Kira opens with its titular main character sprinting through the streets of New Haven, the seat of a totalitarian government’s power. Hunted by the police and government agents, Kira uses her own brand of fighting skills to make it back to her town in the Wastelands, one of the few bastions of freedom in a world where those who refuse the Government’s control struggle for survival. There, she reports her discoveries to the town Elders, who lead the ragtag resistance.
Having previously read Harrison’s novel-length space opera, Shadow of the Wraith, I could tell immediately that Kira is a trophy case displaying all his strengths as a writer: heart-pounding action, detailed world-building, characters that don’t just spring from the page, they leap out and yell, “’ello there!” in your face. His descriptions, scattered through the action, subtly paint the world around the story, allowing one to easily visualize what’s going on. With the smaller canvas of a novella to work with, Harrison whittles down his writing to showcase only the best, making each sentence worthwhile and effective.
Kira, a colorful young woman with a heavy Cockney accent, is the kind of protagonist who’s easy to love.
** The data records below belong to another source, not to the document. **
Unset Implicit Arguments.

Theorem proposition5p13
  (A : algType CC) (cop : A -> seq (A * A)) (eps : A -> CC) (S Sinv : A -> A)
  (hA : is_hopf cop eps S)
  (hSK : cancel S Sinv) (hKS : cancel Sinv S)
  (R : lmodType CC) (mul : R -> R -> R) (hR : is_nd_algebra mul)
  (act1 act2 : A -> R -> R)
  (h1 : is_mod_alg cop mul act1) (h2 : is_mod_alg cop mul act2)
  (gamma : A -> mult R) (hgamma : cocycle_equiv cop S Sinv mul act1 act2 gamma)
  (T : lmodType CC) (t : R -> A -> T) (hT : is_tensor t)
  (m1 m2 : T -> T -> T)
  (hm1 : is_smash cop mul act1 t m1) (hm2 : is_smash cop mul act2 t m2) :
  exists phi : T -> T, alg_iso m1 m2 phi.
Proof.
have [mul_bilin _ _ _] := hR.
exact: (smash_alg_iso hA hSK hKS mul_bilin h1 h2 hgamma hT hm1 hm2).
Qed.
Lemma ty_eq_dec (T1 T2 : ty) : {T1 = T2} + {T1 <> T2}.
Proof. decide equality; apply string_dec. Qed.

Lemma occurs_subderiv V (P : prog V) {J j} (d : deriv P j) (Hocc : occurs J d) :
  inhabited (deriv P J) /\ models (jform J) (jform j) /\ jctx J = jctx j.
Proof.
  assert (Hd : inhabited (deriv P j)) by now constructor.
  revert Hd Hocc; induction d; simpl; intros Hd [-> | Hocc];
    try solve [split; [exact Hd | split; [apply models_refl | reflexivity]]];
    repeat match goal with
    | H : False |- _ => destruct H
    | H : _ \/ _ |- _ => destruct H
    | H : exists _ _, _ |- _ => destruct H as (? & ? & ?)
    end;
    eauto using inhabits.
  match goal with
  | IH : forall i (Hi : i < _), _ -> occurs J (?d i Hi) -> _,
    Hocc : occurs J (?d ?i ?Hi) |- _ =>
      destruct (IH i Hi (inhabits (d i Hi)) Hocc) as (HdJ & Hth & Hctx)
  end.
  split; [exact HdJ | split; [|exact Hctx]].
  eapply models_trans; [exact Hth | apply models_andl].
Qed.

Section Soundness.
Variables (V : Type) (P : prog V) (phi : form V).

Hypothesis struct_ann :
  forall sd, In sd (pstructs P) -> struct_ok P (FAnd phi (sann sd)) sd.
Hypothesis ret_ann :
  forall fd, In fd (pfuns P) -> models (FAnd phi (fann fd)) (AT_ty P (fret fd)).

Definition ctx_ann_sound (th : form V) (D : ctx V) : Prop :=
  forall x T psi, lookup_ctx D x = Some (T, psi) -> models th (FImp psi (AT_ty P T)).

Lemma ctx_ann_sound_weaken th th' D :
  models th' th -> ctx_ann_sound th D -> ctx_ann_sound th' D.
Proof. intros Hth HD x T psi Hx; eapply models_trans; eauto. Qed.

Lemma ctx_of_ann_sound th (ps : list (param V)) :
  (forall p, In p ps -> models th (FImp (pann p) (AT_ty P (pty p)))) ->
  ctx_ann_sound th (ctx_of ps).
Proof.
  intros Hps x T psi; unfold lookup_ctx.
  destruct (find _ _) as [[[y T0] psi0]|] eqn:E; [|discriminate].
  intros [= <- <-].
  apply find_some in E as [(p & [= _ <- <-] & Hp)%in_map_iff _].
  exact (Hps p Hp).
Qed.

Lemma member_ann th s sd m mb :
  models th phi -> models th (AT_ty P (TStructPtr s)) ->
  lookup_struct P s = Some sd -> lookup_member sd m = Some mb ->
  models th (mann mb) -> models th (AT_ty P (mty mb)).
Proof.
  intros Hphi Hs Hsd Hmb Hm; simpl in Hs; rewrite Hsd in Hs.
  apply find_some in Hsd as [Hsd _]; apply find_some in Hmb as [Hmb _].
  apply (models_mp (b := mann mb)); [|exact Hm].
  apply models_trans with (FAnd phi (sann sd)); [|exact (struct_ann _ Hsd _ Hmb)].
  now apply models_and.
Qed.

Lemma seq_ann th (es : list (form V * expr V)) (Ts : nat -> ty) T :
  models th (ex_ann es) ->
  (forall i, i < List.length es ->
     models (FAnd th (fst (nth i es (dflt_arg V)))) (AT_ty P (Ts i))) ->
  (forall i, i < List.length es -> Ts i <> T -> models th (neverLast i es)) ->
  models th (AT_ty P T).
Proof.
  intros Hex Hes Hnl; apply models_intro; intros nu Hnu.
  set (ann i := feval nu (fst (nth i es (dflt_arg V)))).
  destruct (@exists_last_index ann _ (ex_ann_true (models_elim Hex Hnu)))
    as (i & Hi & Hai & Hlast).
  assert (HT : Ts i = T).
  { destruct (ty_eq_dec (Ts i) T) as [|Hne]; auto.
    destruct (neverLast_true (models_elim (Hnl i Hi Hne) Hnu) Hai)
      as (k & Hk & Hak).
    specialize (Hlast k Hk); unfold ann in Hlast; congruence. }
  rewrite <- HT; apply (models_elim (Hes i Hi)); simpl.
  now rewrite Hnu.
Qed.

Lemma deriv_ann j (d : deriv P j) :
  models (jform j) phi -> ctx_ann_sound (jform j) (jctx j) ->
  models (jform j) (AT_ty P (jty j)).
Proof.
  induction d; simpl in *; intros Hphi HD;
    try solve [apply models_intro; reflexivity].
  - exact (models_mp (HD _ _ _ e) m).
  - apply find_some in e as [Hfd _].
    exact (models_trans (models_and Hphi m) (ret_ann _ Hfd)).
  - eapply member_ann; eauto.
  - eapply member_ann; eauto.
  - destruct t as [[_ ->] | [_ ->]]; auto.
  - subst T; apply (seq_ann es Ts); auto.
    intros i Hi; apply H; auto.
    + eapply models_trans; [apply models_andl | exact Hphi].
    + eapply ctx_ann_sound_weaken; [apply models_andl | exact HD].
  - now rewrite e.
Qed.

End Soundness.

Theorem lemma3 (V : Type) (P : prog V) (phi : form V) (D : prg_ok P phi)
  (J : judg V) :
  wf_prog P ->
  occurs_prg J D ->
  models (jform J) (AT_ty P (jty J)).
Proof.
  intros _; destruct D as [Hsane Hmain Hstructs Hfuns]; simpl.
  intros (fd & Hfd & Hocc).
  assert (Hret : forall fd, In fd (pfuns P) ->
                   models (FAnd phi (fann fd)) (AT_ty P (fret fd)))
    by (intros f Hf; now destruct (Hfuns f Hf)).
  destruct (Hfuns fd Hfd) as [Hret_fd Hparams T' db Hsub]; simpl in Hocc.
  destruct (occurs_subderiv db Hocc) as ([dJ] & HJ & Hctx); simpl in HJ, Hctx.
  apply (deriv_ann Hstructs Hret dJ).
  - eapply models_trans; [exact HJ | apply models_andl].
  - rewrite Hctx; eapply ctx_ann_sound_weaken; [exact HJ|].
    now apply ctx_of_ann_sound.
Qed.
Lemma psi_fix w a b :
  ~ [/\ dot a b = 1, pos (b - a) & ~ inv_set Phi Pi w (b - a)] -> psi Phi Pi w a b = b.
Proof. by rewrite /psi; case: excluded_middle_informative. Qed.

Section Deletion.
Variables (w : 'M[R]_n) (a : 'cV[R]_n).
Hypotheses (hw : in_weyl Phi w) (ha : inv_set Phi Pi w a).

Let wK : w^T *m w = 1%:M := in_weyl_trmxK hw.
Let aPhi : a \in Phi := ha.1.1.
Let awK : (refl_mx a *m w)^T *m (refl_mx a *m w) = 1%:M :=
  in_weyl_trmxK (in_weyl_refl aPhi hw).
Let wa : inverted w a := proj1 (inv_setE a wK) ha.

(* A right inverse of psi, from N(sigma_a w) to N(w) minus a. *)
Definition lift c := if asbool (dot a c = -1 /\ ~ inverted w c) then c + a else c.

Lemma lift_spec c : inverted (refl_mx a *m w) c ->
  (inverted w (lift c) /\ lift c <> a) /\ psi Phi Pi w a (lift c) = c.
Proof.
move=> /inverted_refl[cpos cneg]; have [cPhi _] := cpos; have [apos aneg] := wa.
have a2 := root_norm aPhi.
have ca : c <> a.
  move=> eca; move: cneg; rewrite eca refl_mx_self // mulmxN.
  exact: pos_neg_false aneg.
have cNa : c <> - a by move=> ecNa; move: cpos; rewrite ecNa => /(pos_neg_false apos).
move: cneg; rewrite refl_mxE /lift.
case: (dot_root_cases aPhi cPhi ca cNa) => ac; rewrite ac; first last.
- rewrite scale1r => cneg; have cw : inverted w c.
    split=> //; rewrite -(subrK a c) mulmxDr; apply: negD => //.
    by rewrite -mulmxDr subrK (in_weyl_root hw).
  case: asboolP => [[] /= ?|_]; first by exfalso; lra.
  split=> //; apply: psi_fix => -[_ capos []]; apply/inv_setE => //; split=> //.
- rewrite scale0r subr0 => cneg; case: asboolP => [[] ?|_]; first by exfalso; lra.
  by split=> //; apply: psi_fix; rewrite ac => -[] ?; lra.
rewrite scaleN1r opprK => caneg; case: (asboolP (inverted w c)) => cw.
  case: asboolP => [[_ []] //|_]; split=> //.
  by apply: psi_fix; rewrite ac => -[] ?; lra.
case: asboolP => [_|[]//]; have caPhi : c + a \in Phi.
  by have := root_refl aPhi cPhi; rewrite refl_mxE ac scaleN1r opprK.
split; first split; first by split=> //; apply: posD.
  by move/(canRL (addrK a)); rewrite subrr; apply: root_neq0.
rewrite psi_shift ?addrK // dotDr ac a2; split=> //; first lra.
by move/(inv_setE _ wK).
Qed.

Lemma lift_inv_set c : inv_set Phi Pi (refl_mx a *m w) c ->
  (inv_set Phi Pi w (lift c) /\ lift c <> a) /\ psi Phi Pi w a (lift c) = c.
Proof. by move/(inv_setE _ awK)/lift_spec => [[/(inv_setE _ wK)]]. Qed.

Lemma lift_onto b : inv_count (refl_mx a *m w) = (inv_count w).-1 ->
  inv_set Phi Pi w b -> b <> a ->
  exists2 c, inv_set Phi Pi (refl_mx a *m w) c & lift c = b.
Proof.
move=> hcount /(inv_setE _ wK) wb ba.
have onto : {in fun x => asbool (inverted w x /\ x <> a), forall x,
    exists2 c, asbool (inverted (refl_mx a *m w) c) & lift c = x}.
  apply: (count_surj (g := psi Phi Pi w a)) (undup_uniq Phi) _ _ _ _.
  - by move=> x /asboolP[[[xPhi _] _] _]; rewrite mem_undup.
  - by move=> c /asboolP/lift_spec[? _]; apply/asboolP.
  - by move=> c /asboolP/lift_spec[_].
  - by rewrite inv_count_deleted.
have [|c /asboolP/(inv_setE _ awK)] := onto b; first exact/asboolP.
by exists c.
Qed.
(* Let $X$ be a connected $k$-regular graph and $U$ the transition matrix of the Grover walk on $X$. Let $\lambda$ be an eigenvalue of $A(X)$ with $\lambda\neq\pm k$, let $E_\lambda$ be the orthogonal projection onto the $\lambda$-eigenspace of $A(X)$, and write $\lambda=k\cos\theta$ with $\theta\in(0,\pi)$. Then $e^{i\theta}$ and $e^{-i\theta}$ are eigenvalues of $U$, and if $F_{\theta_+}$ and $F_{\theta_-}$ denote the orthogonal projections onto the $e^{i\theta}$- and $e^{-i\theta}$-eigenspaces of $U$ respectively, then $F_{\theta_+}-F_{\theta_-}$ is a purely imaginary scalar multiple of \[D_t^TE_\lambda D_h - D_h^TE_\lambda D_t.\]
   Context: Each edge $\{a,b\}$ of $X$ is replaced by arcs $(a,b)$ and $(b,a)$. The line digraph $\mathrm{LD}(X)$ has the arcs as vertices, with an arc from $(a,b)$ to $(c,d)$ iff $b=c$; $A(\mathrm{LD}(X))$ is its $01$-adjacency matrix. $R$ is the permutation matrix on arcs mapping $(a,b)$ to $(b,a)$. The transition matrix of the Grover walk is $U=\frac{2}{k}A(\mathrm{LD}(X))-R$ (a real orthogonal matrix). $D_t$ and $D_h$ have rows indexed by vertices and columns by arcs: $(D_t)_{u,(a,b)}=1$ iff $u=a$, $(D_h)_{u,(a,b)}=1$ iff $u=b$, and $0$ otherwise. *)

From HB Require Import structures.
From mathcomp Require Import all_boot all_algebra.
From mathcomp Require Import reals trigo.
From mathcomp Require Export complex.
Set Implicit Arguments. Unset Strict Implicit. Unset Printing Implicit Defensive.
Import GRing.Theory Num.Theory.
Local Open Scope ring_scope.
Local Open Scope complex_scope.

Section Graph.
Variables (V : finType) (e : rel V).
Lemma cl_star_ISK4_wheel_free : ~~ adj G u v -> u != v -> ~ has_1cutset G ->
  ~ connected_in (~: [set u; v]) -> is_component (~: [set u; v]) C ->
  ISK4_wheel_free G -> ISK4_wheel_free (cl_star u v C).
Proof.
move=> Nuv Huv no_cut Hdis HC.
have [Q [Q0 UQ Hind QC QCn]] := two_cutset_detour symG irrG HC no_cut Huv Nuv Hdis.
exact: (@ISK4_wheel_free_transport (cl_star u v C) G None cl_star_val u v Q symG
  cl_star_sym cl_star_irr cl_star_val_nbr cl_star_val_inj (cl_star_val_adj Nuv) Q0 UQ Hind
  (cl_star_val_notin_Q UQ QC) (cl_star_val_Q_nbr QCn)).
Qed.

End Closures.

Theorem mainTheorem4 (G : sgraph) :
  simple G -> ISK4_wheel_free G -> ~ has_1cutset G ->
  forall u v : G, is_2cutset u v ->
  forall C : {set G}, is_component (~: [set u; v]) C ->
  ISK4_wheel_free (cl u v C) \/ ISK4_wheel_free (cl_star u v C).
Proof.
move=> [symG irrG] HG no_cut u v [Huv Hdis] C HC.
have [Auv|Nuv] := boolP (adj G u v).
  by left; apply: cl_ISK4_wheel_free.
by right; apply: cl_star_ISK4_wheel_free.
Qed.
Lemma nrmC_ge0 x : 0 <= nrmC x.
Proof. exact: (@normr_ge0 _ (Rcomplex R)). Qed.

Lemma nrmCM x y : nrmC (x * y) = nrmC x * nrmC y.
Proof. exact: Normc.normcM. Qed.

Lemma nrmCD x y : nrmC (x + y) <= nrmC x + nrmC y.
Proof. exact: le_normcD. Qed.

Lemma nrmCN x : nrmC (- x) = nrmC x.
Proof. exact: normcN. Qed.

Lemma nrmC0 : nrmC (0 : R[i]) = 0.
Proof. exact: Normc.normc0. Qed.

Lemma nrmC_eq0 x : nrmC x = 0 -> x = 0.
Proof. exact: Normc.eq0_normc. Qed.

Lemma nrmC1 : nrmC (1 : R[i]) = 1.
Proof. exact: Normc.normc1. Qed.

Lemma nrmCR r : nrmC r%:C = `|r|.
Proof. by rewrite /nrmC normc_def /= expr0n addr0 sqrtr_sqr. Qed.

Lemma nrmCJ x : nrmC x^* = nrmC x.
Proof. by rewrite /nrmC normcJ. Qed.

Lemma Re_le_nrmC x : complex.Re x <= nrmC x.
Proof.
have := normc_ge_Re x; rewrite /nrmC normc_def lecR.
exact/le_trans/ler_norm.
Qed.

Lemma mul_conj_nrmC x : x * x^* = (nrmC x ^+ 2)%:C.
Proof. by rewrite -sqr_normc /nrmC normc_def -rmorphXn. Qed.

Lemma Re_ge0 x : 0 <= x -> 0 <= complex.Re x.
Proof. by rewrite lecE => /andP[]. Qed.

Lemma ReM_ge0 x y : 0 <= x -> complex.Re (x * y) = complex.Re x * complex.Re y.
Proof. by move=> /ger0_Im; case: x y => a b [c d] /= ->; rewrite mul0r subr0. Qed.

End ComplexModulus.

Section HahnBanach.
Variables (R : realType) (V : lmodType R[i]) (S : set V).
Hypotheses (S0 : S 0) (SD : forall x y, S x -> S y -> S (x + y))
  (SZ : forall k x, S x -> S (k *: x)).

Definition sublinear_on (q : V -> R) :=
  (forall x y, S x -> S y -> q (x + y) <= q x + q y) /\
  (forall t x, 0 <= t -> S x -> q (t%:C *: x) <= t * q x).

Lemma SN x : S x -> S (- x).
Proof. by rewrite -scaleN1r; apply: SZ. Qed.

Section Sublinear.
Variable q : V -> R.
Hypothesis q_sub : sublinear_on q.

Lemma sublinear0 : q 0 = 0.
Proof.
have [qD qZ] := q_sub; have := qZ 0 0 (lexx 0) S0; have := qD 0 0 S0 S0.
by rewrite scale0r addr0 mul0r; lra.
Qed.

Lemma sublinearZ t x : 0 <= t -> S x -> q (t%:C *: x) = t * q x.
Proof.
move=> t_ge0 Sx; have [qD qZ] := q_sub.
have [->|t_neq0] := eqVneq t 0; first by rewrite scale0r sublinear0 mul0r.
apply/eqP; rewrite eq_le qZ //= -ler_pdivlMl ?lt_def ?t_neq0 //.
have := qZ t^-1 _ _ (SZ t%:C Sx); rewrite invr_ge0 => /(_ t_ge0).
by rewrite scalerA -rmorphM mulVf // scale1r.
Qed.

Lemma sublinearN x : S x -> - q (- x) <= q x.
Proof.
move=> Sx; have := q_sub.1 _ _ Sx (SN Sx).
by rewrite subrr sublinear0; lra.
Qed.

Definition shift (y x : V) : R :=
  inf [set q (x + t%:C *: y) - t * q y | t in [set t : R | 0 <= t]].

Variable y : V.
Hypothesis Sy : S y.

Lemma shift_le_at x t : S x -> 0 <= t -> shift y x <= q (x + t%:C *: y) - t * q y.
Proof.
move=> Sx t_ge0; apply: ge_inf; last by exists t.
exists (- q (- x)) => _ [s s_ge0 <-].
have := q_sub.1 _ _ (SD Sx (SZ s%:C Sy)) (SN Sx).
by rewrite addrAC subrr add0r sublinearZ //; lra.
Qed.

Lemma shift_le x : S x -> shift y x <= q x.
Proof.
by move=> Sx; apply: le_trans (shift_le_at Sx (lexx 0)) _; rewrite scale0r addr0 mul0r subr0.
Qed.

Lemma shiftN : shift y (- y) <= - q y.
Proof.
apply: le_trans (shift_le_at (SN Sy) ler01) _.
by rewrite scale1r addNr sublinear0 mul1r sub0r.
Qed.

Lemma shift_sublinear : sublinear_on (shift y).
Proof.
have shift_ne x : [set q (x + t%:C *: y) - t * q y | t in [set t : R | 0 <= t]] !=set0.
  by exists (q (x + 0%:C *: y) - 0 * q y); exists 0 => //=.
split=> [x1 x2 Sx1 Sx2|r x r_ge0 Sx].
  rewrite -lerBlDr; apply: (lb_le_inf (shift_ne _)) => _ [s s_ge0 <-].
  rewrite lerBlDr -lerBlDl; apply: (lb_le_inf (shift_ne _)) => _ [t t_ge0 <-].
  rewrite lerBlDl; apply: le_trans (shift_le_at (SD Sx1 Sx2) (addr_ge0 s_ge0 t_ge0)) _.
  have := q_sub.1 _ _ (SD Sx1 (SZ s%:C Sy)) (SD Sx2 (SZ t%:C Sy)).
  rewrite rmorphD scalerDl addrACA; lra.
have [->|r_neq0] := eqVneq r 0.
  rewrite mul0r; apply: le_trans (shift_le_at (SZ _ Sx) (lexx 0)) _.
  by rewrite !scale0r addr0 sublinear0 mul0r subr0.
have r_gt0 : 0 < r by rewrite lt_def r_neq0.
rewrite mulrC -ler_pdivrMr //; apply: (lb_le_inf (shift_ne _)) => _ [t t_ge0 <-].
rewrite ler_pdivrMr //; apply: le_trans (shift_le_at (SZ _ Sx) (mulr_ge0 r_ge0 t_ge0)) _.
rewrite rmorphM -scalerA -scalerDr sublinearZ //; last exact: SD Sx (SZ _ Sy).
by rewrite le_eqVlt; apply/orP; left; apply/eqP; ring.
Qed.

End Sublinear.

Definition below_on (q p : V -> R) := forall x, S x -> q x <= p x.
Her strength and resilience are offset by a touch of insecurity—mentions of her troubled past make her uncomfortable, and she attempts to transition into proper English in the presence of a handsome young man and fellow member of the resistance—making her a realistic and relatable character. Her irreverence and wittiness make her third person limited narration a delight to read, adding a touch of humor to this otherwise tragic tale. Also of note is her teenage friend Flip, an odd yet adorable boy whom Harrison successfully brings to life in only a few paragraphs.
Kira is a tightly written and fast-paced novella that’s easily read in one session. In a few short paragraphs, Harrison creates an immersive steampunk universe that’s easy to get lost in and leaves you craving more. The speculative future he sets up is at once bleak and scintillating—bleak in its post-apocalyptic setting, scintillating in its dynamic characters and captivating backdrop. The story is a perfectly angled snapshot of a vast, multi-faceted world, a wonderfully packaged stand-alone tale that leaves room for much, much more.
Ross, if you’re reading this, can you please write a sequel? Or three? Or five?